Капитан Заусайлов покачал головой.
— От кого вы, прапорщик, эту историю слышали? — спросил он.
— Один уцелевший на штурме «I-3»…
— Эх, знаете… Не люблю «уцелевших» и не очень-то верю их рассказам.
— Почему?
— Да ведь редко кому случается уцелеть честным путем. Еще и бой не успеет кончиться, а уж видно, кто уцелел и почему. Спроста слушано, да неспроста сказано. Советую, прапорщик, остерегаться «уцелевших»… Так-то!
Вскоре, однако, Заусайлову пришлось повстречаться с офицерскими рассказами и о самом себе. Говорили, что некий капитан Заусайлов, рота которого была отброшена во время штурма с проволоки, очутился поблизости от дивизионного наблюдательного пункта, где находился сам генерал Щербачев. Генерал набросился на капитана: «Как вы смели?.. Вы же резали проволоку…» — «Резал. Так что из того?» — «Значит, успех уже был, а вы после того…» — «Какой успех, ваше превосходительство? О чем вы изволите толковать? Ей-богу, на разных языках говорим. Коли сами проволоку режем — конец, крест над атакой надо ставить. А вы… Ни хрена вы, ваше превосходительство, не понимаете!!!» — Услыхав такой рассказ, Заусайлов руками развел. Самое удивительное заключалось в том, что рассказ был чистой правдой, если только не считать грубых слов, которых капитан по адресу генерала, конечно, не произносил. Спрашивается: откуда же взялись эти слова?..
Между тем в Мосциску прибыли шестидюймовые пушки. Их выгрузили с платформ и выкатили на главную улицу оставленного жителями местечка. Наркевичу навсегда запомнилась эта пустынная улица с высокими крылечками у притихших маленьких домиков под крышами из красноватой черепицы; воющие собаки и распоротые диваны у заборов и телеграфных столбов. А посередине длинного пустыря — вереница стальных великанов на колесах. «Поздно! — думал Наркевич, — взялись играть сложную симфонию современной войны, а умеют тянуть лишь одну-единственную ноту. Нет инструментов! Не знаем техники! Что за бездарь!» Настроения солдат тоже были не из радостных.

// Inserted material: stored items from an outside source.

(* Let $\{\mu_t\}$ be a free convolution semigroup as described in the context. Any martingale polynomial for $\{\mu_t\}$ is a (finite) linear combination, with complex coefficients, of the elements of the standard Sheffer system for $\{\mu_t\}$.
   Context: Let $\mu$ be a freely infinitely divisible probability measure on $\mathbb R$ with finite moments of all orders, and $\{\mu_t\}_{t\ge0}$ the free convolution semigroup with $\mu_0=\delta_0$, $\mu_1=\mu$, $R_{\mu_t}=tR_\mu$. Write $G_t(z)=\sum_n\langle\mu_t,x^n\rangle z^{-(n+1)}$ (Cauchy transform, formal series in $z^{-1}$), $K_t$ its compositional inverse, $K_t(z)=\frac1z+t\sum_{n\ge1}r_nz^{n-1}$ with $r_n$ the free cumulants of $\mu$, and $F_{s,t}=K_s\circ G_t$. Let $\mathrm{Res}_z(x)=\frac{1}{z-x}=\sum_{n\ge0}x^nz^{-(n+1)}$. For $s\le t$, $\mathcal K_{s,t}$ is the linear operator on $\mathbb C[x]$ determined (coefficientwise in the formal expansion in $z^{-1}$) by $\mathcal K_{s,t}(\mathrm{Res}_z)=\mathrm{Res}_{F_{s,t}(z)}$; these are the transition operators of the free Lévy process with distributions $\mu_t$, i.e. $\mathbb E_s[f(X(t))]=(\mathcal K_{s,t}f)(X(s))$. A martingale polynomial for $\{\mu_t\}$ is a function $p(x,t)$, polynomial in $x$ for each $t$, with $\mathcal K_{s,t}(p(\cdot,t))=p(\cdot,s)$ for all $s<t$. The standard Sheffer system for $\{\mu_t\}$ is the family $\{Q_n(x,t)\}_{n\ge0}$ defined by $\frac{1}{z(K_t(z)-x)}=\sum_{n\ge0}Q_n(x,t)z^n$; $Q_n$ is monic of degree $n$ in $x$. *)

From HB Require Import structures.
From mathcomp Require Import all_boot all_algebra.
From mathcomp Require Import all_classical all_reals all_analysis.
From mathcomp Require Import complex.
Set Implicit Arguments. Unset Strict Implicit. Unset Printing Implicit Defensive.
Import GRing.Theory Num.Theory.
Local Open Scope ring_scope.

Section FormalSeries.
Variable T : comNzRingType.

Definition ps := nat -> T.

Definition ps1 : ps := fun n => (n == 0)%:R.
Definition psX : ps := fun n => (n == 1)%:R.

Definition psmul (a b : ps) : ps := fun n => \sum_(i < n.+1) a i * b (n - i)%N.

Definition pspow (a : ps) (k : nat) : ps := iter k (psmul a) ps1.

(* composition f o g, meaningful when g 0 = 0 *)
Definition pscomp (f g : ps) : ps := fun n => \sum_(j < n.+1) f j * pspow g j n.

(* multiplicative inverse of a series with constant term 1:
   1/a = sum_j (1 - a)^j, the coefficient of order n only involves j <= n *)
Definition psinv1 (a : ps) : ps :=
  fun n => \sum_(j < n.+1) pspow (fun k => ps1 k - a k) j n.
End FormalSeries.

Section FreeLevy.
Variable R : realType.
Local Notation C := R[i].
Local Open Scope complex_scope.

Definition moment (P : probability R R) (n : nat) : R :=
  fine (\int[P]_x (x ^+ n)%:E)%E.

Definition has_all_moments (P : probability R R) : Prop :=
  forall n : nat, P.-integrable setT (fun x => (x ^+ n)%:E).

(* Cauchy transform G(z) = sum_n m_n z^{-(n+1)}, as a formal power series
   in the variable w = z^{-1} *)
Definition Gser (m : nat -> C) : ps C :=
  fun n => if n is k.+1 then m k else 0.

(* z K(z) = 1 + sum_{n>=1} c_n z^n, where K(z) = 1/z + sum_{n>=1} c_n z^{n-1}
   (c_0 is ignored) *)
Definition zK (c : nat -> C) : ps C := fun n => if n == 0%N then 1 else c n.

(* 1/K(u) = u / (u K(u)), a formal power series in u with zero constant term *)
Definition invK (c : nat -> C) : ps C := psmul (psX C) (psinv1 (zK c)).

(* K (with cumulant sequence c) is the compositional inverse of the Cauchy
   transform with moment sequence m:  G(K(z)) = z, i.e. in the variable
   v = 1/z :  sum_n m_n (1/K)^{n+1} = v.                                   *)
Definition is_comp_inverse (m c : nat -> C) : Prop :=
  pscomp (Gser m) (invK c) = psX C.

(* {mu_t}_{t>=0} is the free convolution semigroup with mu_0 = delta_0 and
   R_{mu_t} = t R_{mu_1}, mu_1 having free cumulants r_n; all mu_t have
   finite moments of all orders. *)
Definition free_conv_semigroup (mu : R -> probability R R) (r : nat -> R) : Prop :=
  [/\ forall t, 0 <= t -> has_all_moments (mu t),
      mu 0 = \d_(0 : R) :> (set R -> \bar R) &
      forall t, 0 <= t ->
        is_comp_inverse (fun n => (moment (mu t) n)%:C) (fun n => (t * r n)%:C)].

(* 1 / F_{s,t}(z) where F_{s,t} = K_s o G_t : a formal power series in
   w = z^{-1} (equal to (1/K_s) o G_t) *)
Definition invF (mu : R -> probability R R) (r : nat -> R) (s t : R) : ps C :=
  pscomp (invK (fun n => (s * r n)%:C)) (Gser (fun n => (moment (mu t) n)%:C)).

(* Coefficient of w^k in Res_{F}(x) = 1/(F - x) = sum_n x^n (1/F)^{n+1},
   given phi = 1/F (a series in w with zero constant term). *)
Definition ResCoef (phi : ps C) (k : nat) : {poly C} :=
  \sum_(n < k) pspow phi n.+1 k *: 'X^n.

(* The transition operator K_{s,t} on C[x]: determined coefficientwise by
   K_{s,t}(Res_z) = Res_{F_{s,t}(z)}; since Res_z(x) = sum_k x^k z^{-(k+1)},
   K_{s,t}(x^k) is the coefficient of z^{-(k+1)} in Res_{F_{s,t}(z)}(x). *)
Definition Kop (mu : R -> probability R R) (r : nat -> R) (s t : R)
  (p : {poly C}) : {poly C} :=
  \sum_(k < size p) p`_k *: ResCoef (invF mu r s t) k.+1.

Definition martingale_poly (mu : R -> probability R R) (r : nat -> R)
  (p : R -> {poly C}) : Prop :=
  forall s t, 0 <= s -> s < t -> Kop mu r s t (p t) = p s.

(* Standard Sheffer system: 1/(z (K_t(z) - x)) = sum_n Q_n(x,t) z^n, as a
   formal power series in z with coefficients in C[x];
   z (K_t(z) - x) = z K_t(z) - x z. *)
Definition ShefferSer (r : nat -> R) (t : R) : ps {poly C} :=
  psinv1 (fun n => (zK (fun k => (t * r k)%:C) n)%:P - (n == 1%N)%:R *: 'X).

Definition Sheffer (r : nat -> R) (t : R) (n : nat) : {poly C} :=
  ShefferSer r t n.
End FreeLevy.

(* Since 1/(z (K_t(z) - x)) = Res_{K_t(z)}(x) / z, the Sheffer polynomial
   Q_n(., t) is the coefficient of z^(n+1) in Res_{K_t(z)}.  Substituting
   z := K_t(u) in K_{s,t}(Res_z) = Res_{K_s(G_t(z))} and using G_t o K_t = id
   gives K_{s,t}(Res_{K_t(u)}) = Res_{K_s(u)}, hence K_{s,t} Q_n(., t) = Q_n(., s).
   Each Q_n(., t) is monic of degree n, so they form a basis of C[x]; applying
   K_{0,t} to the expansion of a martingale polynomial p(., t) in this basis
   gives the expansion of p(., 0), so its coordinates do not depend on t.
   Identities between formal power series are proved coefficientwise, on
   polynomial truncations modulo X^n. *)

From Pilot Require Import Defs.
From HB Require Import structures.
From mathcomp Require Import all_boot all_algebra.
From mathcomp Require Import all_classical all_reals all_analysis.
From mathcomp Require Import complex.
From mathcomp Require Import ring.
Set Implicit Arguments. Unset Strict Implicit. Unset Printing Implicit Defensive.
Import GRing.Theory Num.Theory.
Local Open Scope ring_scope.

Lemma sum_ord_widen (V : nmodType) m n (F : nat -> V) : (m <= n)%N ->
  (forall k, (m <= k < n)%N -> F k = 0) -> \sum_(k < n) F k = \sum_(k < m) F k.
Proof.
move=> le_mn F0; rewrite (big_ord_widen _ _ le_mn) [RHS]big_mkcond /=.
by apply: eq_bigr => k _; case: ltnP => // le_mk; rewrite F0 // le_mk /=.
Qed.

Section PolyModX.
Variable T : comNzRingType.
Implicit Types p q : {poly T}.

Definition eqmodX n p q := forall i, (i < n)%N -> p`_i = q`_i.

Lemma eqmodX_refl n p : eqmodX n p p. Proof. by []. Qed.

Lemma eqmodX_sym n p q : eqmodX n p q -> eqmodX n q p.
Proof. by move=> epq i lt_in; rewrite epq. Qed.

Lemma eqmodX_trans n p q r : eqmodX n p q -> eqmodX n q r -> eqmodX n p r.
Proof. by move=> epq eqr i lt_in; rewrite epq ?eqr. Qed.

Lemma eqmodX_addMXn n p d : eqmodX n (p + d * 'X^n) p.
Proof. by move=> i lt_in; rewrite coefD coefMXn lt_in addr0. Qed.

Lemma eqmodXE n p q : eqmodX n p q -> p = q + drop_poly n (p - q) * 'X^n.
Proof.
move=> epq; have := poly_take_drop n (p - q).
suff -> : take_poly n (p - q) = 0 by rewrite add0r => ->; rewrite addrC subrK.
apply/polyP => i; rewrite coef_take_poly coef0 coefB.
by case: ifP => // /epq->; rewrite subrr.
Qed.

Lemma eqmodXD n p p' q q' :
  eqmodX n p p' -> eqmodX n q q' -> eqmodX n (p + q) (p' + q').
Proof. by move=> epp eqq i lt_in; rewrite !coefD epp ?eqq. Qed.

Lemma eqmodXB n p p' q q' :
  eqmodX n p p' -> eqmodX n q q' -> eqmodX n (p - q) (p' - q').
Proof. by move=> epp eqq i lt_in; rewrite !coefB epp ?eqq. Qed.

Lemma eqmodXM n p p' q q' :
  eqmodX n p p' -> eqmodX n q q' -> eqmodX n (p * q) (p' * q').
Proof.
move=> /eqmodXE-> /eqmodXE->.
set d := drop_poly _ _; set e := drop_poly _ _.
rewrite (_ : _ * _ = p' * q' + (d * (q' + e * 'X^n) + p' * e) * 'X^n); last by ring.
exact: eqmodX_addMXn.
Qed.

Lemma eqmodX_exp n p q k : eqmodX n p q -> eqmodX n (p ^+ k) (q ^+ k).
Proof.
by move=> epq; elim: k => [|k IHk] //; rewrite !exprS; apply: eqmodXM.
Qed.

Lemma coef0_eq0E q : q`_0 = 0 -> q = drop_poly 1 q * 'X.
Proof.
move=> q0; rewrite -[LHS](poly_take_drop 1 q) expr1.
suff -> : take_poly 1 q = 0 by rewrite add0r.
by apply/polyP => -[|i]; rewrite coef_take_poly coef0.
Qed.

Lemma coef_exp_coef0_eq0 q k i : q`_0 = 0 ->
  (q ^+ k)`_i = if (i < k)%N then 0 else (drop_poly 1 q ^+ k)`_(i - k).
Proof. by move/coef0_eq0E => {1}->; rewrite exprMn coefMXn. Qed.

Lemma coef_exp_lt q k i : q`_0 = 0 -> (i < k)%N -> (q ^+ k)`_i = 0.
Proof. by move=> q0 lt_ik; rewrite coef_exp_coef0_eq0 // lt_ik. Qed.

Lemma coef_exp_diag q k : q`_0 = 0 -> (q ^+ k)`_k = q`_1 ^+ k.
Proof.
move=> q0; rewrite coef_exp_coef0_eq0 // ltnn subnn.
elim: k => [|k IHk]; first by rewrite coef1.
by rewrite !exprS coef0M IHk coef_drop_poly.
Qed.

— Ажно от пороха почернел…
— Ври! Ныне от пороха дыму нет!
— Порох-то, может, и бездымный, да я-то не бездумный. С того и почернел…
Вдруг родилась новая песня:
На проволоку дружно
Полезли мы, как нужно.
Сулили командиры,
Что будут одни дыры,
Она ж весьма
Целехонька была…
Услыхав эту песню, Заусайлов тотчас подозвал фельдфебеля и сказал ему шепотом что-то очень внушительное, от чего песню точно ветром сдунуло и унесло. «Какой-нибудь студент-вольнопер импровизирует… Самый пакостный народец!»
* * *
Девятого октября левый фланг австро-германских армий достиг Сандомира, а правый — Санока. Главной целью этого движения было освобождение Перемышля. Селиванов оттягивал свои войска за реку Сан, постепенно снимая блокаду с запада и юга. Только восточная, сильно укрепленная при Щербачеве, позиция оставалась попрежнему в русских руках. У Сенявы и Ярослава появились передовые части наступающего противника. Предстояло сражение на реке Сан…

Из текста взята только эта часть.